Innovation Le nuove mappe del work landscape
Alcune ricerche e innovazioni nel campo tecnologico stanno ridisegnando i confini del work landscape.
Abbiamo detto che la componente umana in questa società tecnologicamente infusa genera ancora un vantaggio competitivo. Nella collaborazione, ad oggi, la tecnologia viene utilizzata principalmente come strumento per facilitare gli scambi.
Il vastissimo spettro di ecosistemi digitali sta però rendendo sempre più difficile la collaborazione tra gli strumenti stessi, creando così dei colli di bottiglia che rendono i processi più lenti e inefficaci. Non basta più, infatti, che gli individui siano in grado di cooperare tra di loro ma è necessario anche che essi collaborino con sistemi tecnologici e che gli stessi sistemi tecnologici collaborino tra di loro.
IBM e Cisco hanno avviato una collaborazione che, grazie ai potenti mezzi di intelligenza artificiale dell’azienda di Armonk, ridefiniranno, nelle parole di Jens Meggers, il lavoro quotidiano grazie all’”Intelligent Collaboration”. Piattaforme collaborative digitali di diversa natura saranno in grado di dialogare tra loro supportate da Watson che agevolerà il flusso di lavoro, prendendosi cura delle task ripetitive. Perchè, che si tratti di codice o che si tratti di relazioni umane, avere un linguaggio comune è un requisito fondamentale per collaborare.
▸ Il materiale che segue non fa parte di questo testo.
(* Let $\mathcal H_A,\mathcal H_B$ be finite-dimensional Hilbert spaces, $|0_A\rangle\in\mathcal H_A$, $|0_B\rangle\in\mathcal H_B$ unit vectors, $|0\rangle=|0_A\rangle\otimes|0_B\rangle$, and let $|\phi\rangle\in\mathcal H_A\otimes\mathcal H_B$ be a unit vector. Decompose $|\phi\rangle=|x\rangle\otimes|0_B\rangle+|y\rangle$ with $|x\rangle=(\mathbb 1_A\otimes\langle 0_B|)|\phi\rangle$ and $(\mathbb 1_A\otimes\langle 0_B|)|y\rangle=0$, and assume $|y\rangle\neq0$. Fix $0<\epsilon<1$, let $|\psi\rangle=(|0\rangle+\epsilon|\phi\rangle)/\sqrt{\mathcal N}$ with $\mathcal N=1+\epsilon^2+2\epsilon\,\mathrm{Re}\langle0|\phi\rangle$, $\rho_A=\operatorname{tr}_B|\psi\rangle\langle\psi|$, $\mu=\epsilon^2\langle y|y\rangle/\mathcal N$ and $\omega=\operatorname{tr}_B|y\rangle\langle y|/\langle y|y\rangle$. Then $$\mu\,S_1(\omega)\le S_1(\rho_A)\le h_2(\mu)+\mu\,S_1(\omega),$$ where $h_2(x)=-x\log x-(1-x)\log(1-x)$.
   Context: $S_1(\rho)=-\operatorname{tr}\rho\log\rho$ is the von Neumann entropy. One has $\rho_A=(1-\mu)|v\rangle\langle v|+\mu\,\omega$ with $|v\rangle=(|0_A\rangle+\epsilon|x\rangle)/\sqrt{\mathcal N(1-\mu)}$ a unit vector. *)

From HB Require Import structures.
From mathcomp Require Import all_boot all_order all_algebra.
From mathcomp Require Import reals exp.
From mathcomp.real_closed Require Import complex.
Set Implicit Arguments. Unset Strict Implicit. Unset Printing Implicit Defensive.
Import Order.TTheory GRing.Theory Num.Theory.
Local Open Scope ring_scope.
Local Open Scope complex_scope.

Definition adjmx (R : rcfType) m n (M : 'M[R[i]]_(m, n)) : 'M[R[i]]_(n, m) :=
  (map_mx (fun z => z^*) M)^T.

(* A vector of
   H_A (x) H_B = C^m (x) C^n is represented by its coefficient matrix in
   'M_(m, n) (coefficient of e_i (x) f_j at entry (i, j)); column vectors
   'cV_m are vectors of C^m. *)
Definition inner (R : rcfType) m n (u v : 'M[R[i]]_(m, n)) : R[i] :=
  \sum_(i < m) \sum_(j < n) (u i j)^* * v i j.

Definition tens (R : rcfType) m n (a : 'cV[R[i]]_m) (b : 'cV[R[i]]_n)
  : 'M[R[i]]_(m, n) := a *m b^T.

(* (1_A (x) <b|) applied to a bipartite vector. *)
Definition contractB (R : rcfType) m n (b : 'cV[R[i]]_n) (phi : 'M[R[i]]_(m, n))
  : 'cV[R[i]]_m := phi *m map_mx (fun z => z^*) b.

(* tr_B |u><u| for a bipartite vector u. *)
Definition ptraceB_proj (R : rcfType) m n (u : 'M[R[i]]_(m, n)) : 'M[R[i]]_m :=
  u *m adjmx u.

Definition eigenvalues (R : rcfType) m (A : 'M[R[i]]_m) : seq R[i] :=
  sval (closed_field_poly_normal (char_poly A)).

Definition xlnx (R : realType) (x : R) : R := if 0 < x then x * ln x else 0.

(* von Neumann entropy S_1(rho) = - tr rho log rho = - sum_lambda lambda log lambda
   over the eigenvalues of rho (real parts; rho is a density matrix). *)
Definition vN_entropy (R : realType) m (rho : 'M[R[i]]_m) : R :=
  - \sum_(l <- eigenvalues rho) xlnx (@complex.Re R l).

Definition h2 (R : realType) (x : R) : R := - xlnx x - xlnx (1 - x).

From HB Require Import structures.
From mathcomp Require Import all_boot all_order all_algebra.
From mathcomp Require Import reals exp.
From mathcomp.real_closed Require Import complex.
From mathcomp Require Import ring lra.
From mathcomp Require Import sesquilinear spectral.
Set Implicit Arguments. Unset Strict Implicit. Unset Printing Implicit Defensive.
Import Order.TTheory GRing.Theory Num.Theory.
Local Open Scope ring_scope.
Local Open Scope complex_scope.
Il panorama lavorativo sta quindi cambiando e lo vediamo anche da altri indicatori: Microsoft, per esempio, ha acquistato LinkedIn, rafforzando l’idea che hardware e software non sono abbastanza, il futuro è nel network, come abbiamo anche visto su Making Weconomy #8. Il World Economic Forum, inoltre, ha di recente pubblicato un articolo scritto da Daron Acemoglu, professore di Economia Applicata presso l’MIT, che descrive come le professioni potrebbero essere rivoluzionate dall’avvento di tecnologie basate su un’avanzata AI. Un dato, in questo senso, che però può in qualche modo spaventare è quello proposto da una ricerca della City and Guilds Group che mostrerebbe come la maggior parte dei lavoratori non riesca a vedere come il futuro potrebbe portare disruption; basata su un sondaggio proposto a 8000 lavoratori del Regno Unito, Stati Uniti, Sud Africa e India, la ricerca evidenzia come la maggior parte degli intervistati pensi che le loro skills e i loro impieghi rimarranno rilevanti nei prossimi 10 anni e non saranno influenzati dall’avvento delle macchine.
Percezioni ottimiste ma che sembrano non tener in alcun modo conto di quanto velocemente stia cambiando il futuro.